Effective managers remain pivotal to retention, burnout risk, trust in management and more. The evidence for the pivotal nature of managers for an array of business outcomes continues to mount. Good managers who provide psychological safety have reduced burnout risk by 50 percent and amplified trust in the company. Managers who demonstrate resilience can reduce turnover risk by as much as 78 percent. Despite – or perhaps due to – their pivotal role, managers are often at higher risk for poor outcomes than the employees they lead.
Our data shows that managers report higher levels of stress-related productivity impairment, burnout and turnover risk compared to non-managers.

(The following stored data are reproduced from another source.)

(* Let $(E,\Sigma,m)$ be a $\sigma$-finite measure space and $L^1=L^1(E,\Sigma,m)$. Let $(A_0,\mathcal{D}(A_0))$ be the infinitesimal generator of a stochastic semigroup on $L^1$, let $\varphi\ge 0$ be a measurable function on $E$, and let $P\colon L^1\to L^1$ be a stochastic operator. Let $L^1_\varphi=\{u\in L^1:\int_E\varphi|u|\,dm<\infty\}$ and let $A u=A_0u-\varphi u$ be defined on a domain $\mathcal{D}(A)\subseteq\mathcal{D}(A_0)\cap L^1_\varphi$, and assume that $(A,\mathcal{D}(A))$ is the infinitesimal generator of a positive strongly continuous contraction semigroup on $L^1$. Denote by $R(\lambda,A)=(\lambda-A)^{-1}$ its resolvent. If for some $\lambda>0$ there is $v\in L^1$ with $v>0$ a.e. such that $P(\varphi R(\lambda,A)v)\le v$, then \[ \lim_{n\to\infty}\|(P(\varphi R(\lambda,A)))^n u\|=0\quad\text{for all } u\in L^1 . \]
   Context: A linear operator $P\colon L^1\to L^1$ is stochastic if it maps the set of densities $D=\{u\in L^1: u\ge 0,\ \|u\|=1\}$ into itself. A stochastic semigroup is a strongly continuous semigroup of stochastic operators. Note that $\varphi R(\lambda,A)$ maps $L^1$ into $L^1$ since the range of $R(\lambda,A)$ is $\mathcal{D}(A)\subseteq L^1_\varphi$. *)

From HB Require Import structures.
From mathcomp Require Import all_boot all_order all_algebra.
From mathcomp Require Import all_classical all_reals all_analysis.
Set Implicit Arguments. Unset Strict Implicit. Unset Printing Implicit Defensive.
Import Order.TTheory GRing.Theory Num.Theory.
Import numFieldNormedType.Exports.
Local Open Scope classical_set_scope.
Local Open Scope ring_scope.

(* Elements of L^1(E,Sigma,m) are represented by real-valued functions that
   are m-integrable; two representatives denote the same element of L^1 iff
   they agree m-a.e.  An operator on L^1 is represented by a map on functions
   that sends integrable functions to integrable functions and respects a.e.
   equality of integrable functions. *)
Section L1.
Context d (T : measurableType d) (R : realType) (mu : {measure set T -> \bar R}).

Definition Op := (T -> R) -> (T -> R).

Definition L1 (u : T -> R) : Prop := mu.-integrable setT (EFin \o u).

Definition L1norm (u : T -> R) : \bar R := (\int[mu]_x (`|u x|)%:E)%E.

Definition L1eq (u v : T -> R) : Prop := u = v %[ae mu].

Definition L1le (u v : T -> R) : Prop := {ae mu, forall x, u x <= v x}.

Definition L1_linear_op (P : Op) : Prop :=
  [/\ (forall u, L1 u -> L1 (P u)),
      (forall u v, L1 u -> L1 v -> L1eq u v -> L1eq (P u) (P v)) &
      (forall (a : R) u v, L1 u -> L1 v ->
          L1eq (P (fun x => a * u x + v x)) (fun x => a * P u x + P v x))].

Definition L1_bounded_op (P : Op) : Prop :=
  L1_linear_op P /\
  exists C : R, forall u, L1 u -> (L1norm (P u) <= C%:E * L1norm u)%E.

Definition density (u : T -> R) : Prop :=
  L1 u /\ L1le (fun=> 0) u /\ L1norm u = 1%E.

Definition stochastic_op (P : Op) : Prop :=
  L1_linear_op P /\ (forall u, density u -> density (P u)).

Definition positive_op (P : Op) : Prop :=
  forall u, L1 u -> L1le (fun=> 0) u -> L1le (fun=> 0) (P u).

Definition contraction_op (P : Op) : Prop :=
  forall u, L1 u -> (L1norm (P u) <= L1norm u)%E.

Definition C0_semigroup (S : R -> Op) : Prop :=
  [/\ (forall t, 0 <= t -> L1_bounded_op (S t)),
      (forall u, L1 u -> L1eq (S 0 u) u),
      (forall t s u, 0 <= t -> 0 <= s -> L1 u ->
          L1eq (S (t + s) u) (S t (S s u))) &
      (forall u t0, L1 u -> 0 <= t0 ->
         (fun s => L1norm (fun x => S s u x - S t0 u x))
           @ (within (fun s : R => 0 <= s) (nbhs t0)) --> 0%E)].

Definition stochastic_semigroup (S : R -> Op) : Prop :=
  C0_semigroup S /\ forall t, 0 <= t -> stochastic_op (S t).

Definition positive_contraction_semigroup (S : R -> Op) : Prop :=
  C0_semigroup S /\
  forall t, 0 <= t -> positive_op (S t) /\ contraction_op (S t).

Definition generator (S : R -> Op) (DA : set (T -> R)) (A : Op) : Prop :=
  (forall u, DA u <->
     (L1 u /\ exists g, L1 g /\
        (fun t => L1norm (fun x => (S t u x - u x) / t - g x))
          @ 0^'+ --> 0%E)) /\
  (forall u, DA u -> L1 (A u) /\
        (fun t => L1norm (fun x => (S t u x - u x) / t - A u x))
          @ 0^'+ --> 0%E).

Definition resolvent_of (DA : set (T -> R)) (A : Op) (lambda : R) (Res : Op)
  : Prop :=
  L1_linear_op Res /\
  (forall v, L1 v -> DA (Res v) /\
      L1eq (fun x => lambda * Res v x - A (Res v) x) v) /\
  (forall u, DA u -> L1eq (Res (fun x => lambda * u x - A u x)) u).

End L1.

From HB Require Import structures.
From mathcomp Require Import all_boot all_order all_algebra.
From mathcomp Require Import all_classical all_reals all_analysis.
From mathcomp Require Import measurable_realfun ring lra.
Set Implicit Arguments. Unset Strict Implicit. Unset Printing Implicit Defensive.
Import Order.TTheory GRing.Theory Num.Theory.
Import numFieldNormedType.Exports.
Local Open Scope classical_set_scope.
Local Open Scope ring_scope.

(* Write K := P (phi R(lambda,A)).  Since the semigroup generated by A is
   positive and contractive, R(lambda,A) is positive (a Kato-type argument
   with the indicator of {R f < 0}); since A0 generates a stochastic semigroup,
   int A0 w <= 0 for w >= 0, so integrating lambda w - A0 w + phi w = f gives
   int phi R f <= int f - lambda int R f.  Hence K is substochastic and, with
   v_n := K^n v and g_n := R(lambda,A) v_n, int v_n + lambda n int g_n <= int v
   (g_n decreases because v_n does).  Splitting phi at height k,
   int v_(n+1) = int phi g_n <= k int g_n + int (phi - k)^+ g_0, and both terms
   vanish (n -> oo, then k -> oo by dominated convergence).  Finally every u
   is L^1-close to a function bounded by k v, and K is an L^1 contraction. *)

Section real_sequences.
Variable R : realType.
Implicit Types a b c : nat -> R.

Lemma cvg0_le_harmonic b (C : R) : (forall n, 0 <= b n) ->
  (forall n, n%:R * b n <= C) -> b @ \oo --> 0.
Proof.
move=> b0 bC; rewrite -cvg_shiftS.
have hC : (fun n => C * harmonic n) @ \oo --> 0.
  by rewrite -(mulr0 C); exact: cvgM (cvg_cst C) cvg_harmonic.
apply: (squeeze_cvgr _ (cvg_cst 0) hC); apply: nearW => n /=.
by rewrite b0 /= ler_pdivlMr// mulrC.
Qed.

Lemma cvg0_le_natmul_add a b c : (forall n, 0 <= a n) ->
  b @ \oo --> 0 -> c @ \oo --> 0 ->
  (forall n k, a n <= k%:R * b n + c k) -> a @ \oo --> 0.
Proof.
move=> a0 b0 c0 abc; apply/cvgr0Pnorm_le => e e0.
have e20 : 0 < e / 2 by rewrite divr_gt0.
have /cvgr0Pnorm_le/(_ _ e20)/filter_ex[k ck] := c0.
have kb : (fun n => k%:R * b n) @ \oo --> 0.
  by rewrite -(mulr0 k%:R); exact: cvgM (cvg_cst _) b0.
near=> n; rewrite ger0_norm//.
have : `|k%:R * b n| <= e / 2 by near: n; move/cvgr0Pnorm_le: kb; exact.
have := abc n k; have := ler_norm (k%:R * b n); have := ler_norm (c k).
lra.
Unshelve. all: by end_near. Qed.
(* The argument is a pair of "leading term" estimates.
   1. Finite sums: if one term of a sum is close to T and all other terms are
      bounded, the sum is close to T (Csum_near).
   2. Monomial comparison: by the definition of alpha, every monomial
      z^n w^m of q with m < d satisfies M |z|^n |w|^m <= |z|^gamma |w|^d as
      soon as |z| >= M >= 1 and |w| >= M |z|^alpha (monomial_dominated).
   3. Hence |q - z^gamma w^d| <= A |z|^gamma |w|^d / M, where A is the sum of
      the moduli of the coefficients of q, and likewise
      |p - z^delta| <= C |z|^delta / |z|.
   The limit statement follows from 3 by taking M = A/eps + 1.  For the
   invariance of W_R, 3 gives |p(z)| ~ |z|^delta and |q| >= |z|^gamma |w|^d / 2;
   the inequality gamma + alpha (d - delta) >= 0 (the first element of the set
   defining alpha) then yields |q| > R |p(z)|^alpha.
   Of the hypotheses, gamma >= 1 and the vanishing of the coefficients of p
   above delta are not used, and of is_alpha only the two lower bounds. *)

(* Elementary properties of the modulus, taken from Coquelicot (where the
   complex numbers are the same pairs of reals). *)

Lemma Cmod_mul u v : Cmod (Cmul u v) = Cmod u * Cmod v.
Proof. exact (Coquelicot.Complex.Cmod_mult u v). Qed.

Lemma Cmod_add u v : Cmod (Cadd u v) <= Cmod u + Cmod v.
Proof. exact (Coquelicot.Complex.Cmod_triangle u v). Qed.

Lemma Cmod_ge0 u : 0 <= Cmod u.
Proof. apply sqrt_pos. Qed.

Lemma Cmod_zero : Cmod Czero = 0.
Proof. exact Coquelicot.Complex.Cmod_0. Qed.

Lemma Cmod_one : Cmod Cone = 1.
Proof. exact Coquelicot.Complex.Cmod_1. Qed.

Lemma Cmod_pow u n : Cmod (Cpow u n) = Cmod u ^ n.
Proof. induction n as [|n IH]; simpl; [apply Cmod_one | rewrite Cmod_mul, IH; ring]. Qed.

Lemma Cmod_div u v : v <> Czero -> Cmod (Cdiv u v) = Cmod u / Cmod v.
Proof.
  intro Hv. unfold Cdiv. rewrite Cmod_mul.
  exact (f_equal _ (Coquelicot.Complex.Cmod_inv v Hv)).
Qed.

Lemma Cmod_le_near u v : Cmod u <= Cmod v + Cmod (Csub u v).
Proof.
  replace u with (Cadd v (Csub u v)) at 1 by
    (destruct u, v; unfold Cadd, Csub, Copp; simpl; f_equal; ring).
  apply Cmod_add.
Qed.

Lemma Cmod_ge_near u v : Cmod v - Cmod (Csub u v) <= Cmod u.
Proof.
  pose proof (Cmod_add u (Copp (Csub u v))) as H.
  replace (Cadd u (Copp (Csub u v))) with v in H by
    (destruct u, v; unfold Cadd, Csub, Copp; simpl; f_equal; ring).
  replace (Cmod (Copp (Csub u v))) with (Cmod (Csub u v)) in H by
    (unfold Cmod, Copp; simpl; f_equal; ring).
  lra.
Qed.

Lemma Cdiv_sub_one q D : D <> Czero -> Csub (Cdiv q D) Cone = Cdiv (Csub q D) D.
Proof.
  intro HD. destruct q as [x y], D as [u v].
  assert (u ^ 2 + v ^ 2 <> 0) by (intro E; apply HD; unfold Czero; f_equal; nra).
  unfold Csub, Cdiv, Cmul, Cinv, Cadd, Copp, Cone; simpl; f_equal; field; nra.
Qed.

Definition cfold (f : nat -> CC) (l : list nat) : CC :=
  fold_right (fun k acc => Cadd (f k) acc) Czero l.
Definition rsum (g : nat -> R) (l : list nat) : R :=
  fold_right (fun k acc => g k + acc) 0 l.


Lemma rsum_mono g1 g2 l :
  (forall k, In k l -> g1 k <= g2 k) -> rsum g1 l <= rsum g2 l.
Proof.
  induction l as [|k l IH]; simpl; intro H; [lra|].
  assert (g1 k <= g2 k) by auto. assert (rsum g1 l <= rsum g2 l) by auto. lra.
Qed.

Lemma rsum_scal g X l : rsum (fun k => g k * X) l = rsum g l * X.
Proof. induction l as [|k l IH]; simpl; [ring | rewrite IH; ring]. Qed.

Lemma rsum_nonneg g l : (forall k, 0 <= g k) -> 0 <= rsum g l.
Proof. intro H; induction l as [|k l IH]; simpl; [lra | specialize (H k); lra]. Qed.
Lemma Rtree_of_geodesic_four_point {X} (d : X -> X -> Rbar) (Hd : is_ext_metric X d)
    (Hc : complete_on X d (fun _ => True)) x0 :
  geodesic_on d (fin_dist d x0) -> four_point_on d (fin_dist d x0) ->
  is_Rtree_on X d (fun y => Rbar_lt (d x0 y) p_infty).
Proof.
  intros Hg Hf. rewrite (component_eq d Hd x0). split.
  - intros u Hu Hcau. destruct (Hc u (fun _ => I) Hcau) as [l [_ Hl]]. exists l. split; auto.
    destruct (Hl 1 Rlt_0_1) as [N HN]. specialize (HN N (le_n N)).
    apply (fin_dist_trans d Hd _ (u N)); auto. intro E; rewrite E in HN; exact HN.
  - intros y z Sy Sz Hyz. destruct (Hg y z Sy Sz) as [phi G].
    pose proof (arc_image_eq_geodesic_image d Hd x0 Hf y z Sy Sz phi G) as Img.
    split; [|split].
    + eexists; apply (geodesic_arc_path d Hd); eauto.
    + intros g1 g2 A1 A2 p. rewrite (Img g1 A1 p), (Img g2 A2 p). tauto.
    + intros gamma A. exists (rdist d y z), phi.
      split; [apply (d_Finite d Hd), (fin_dist_component d Hd x0); auto|].
      split; [apply G|]. apply Img, A.
Qed.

All of this means they may be less adaptive and less open to learning and responding to change positively.
Reminding managers to put on their own “oxygen mask” first is an important step, but given the additional duties most managers have taken on, this is often easier said than done. It is necessary to refresh and enlarge our concept of leadership training to emphasize the necessity of leading by modeling resilience while also maintaining one’s own resilience.
Resiliency matters
Resilient employees know how to identify and correct unproductive thinking patterns to face problems, yet at the same time, remain optimistic. They accelerate as disruptions and crises arise over time. Resilience is the solution for building an engaged and thriving workforce in today’s climate of volatility and disruption. These are the critical skills of the workforce of today and tomorrow.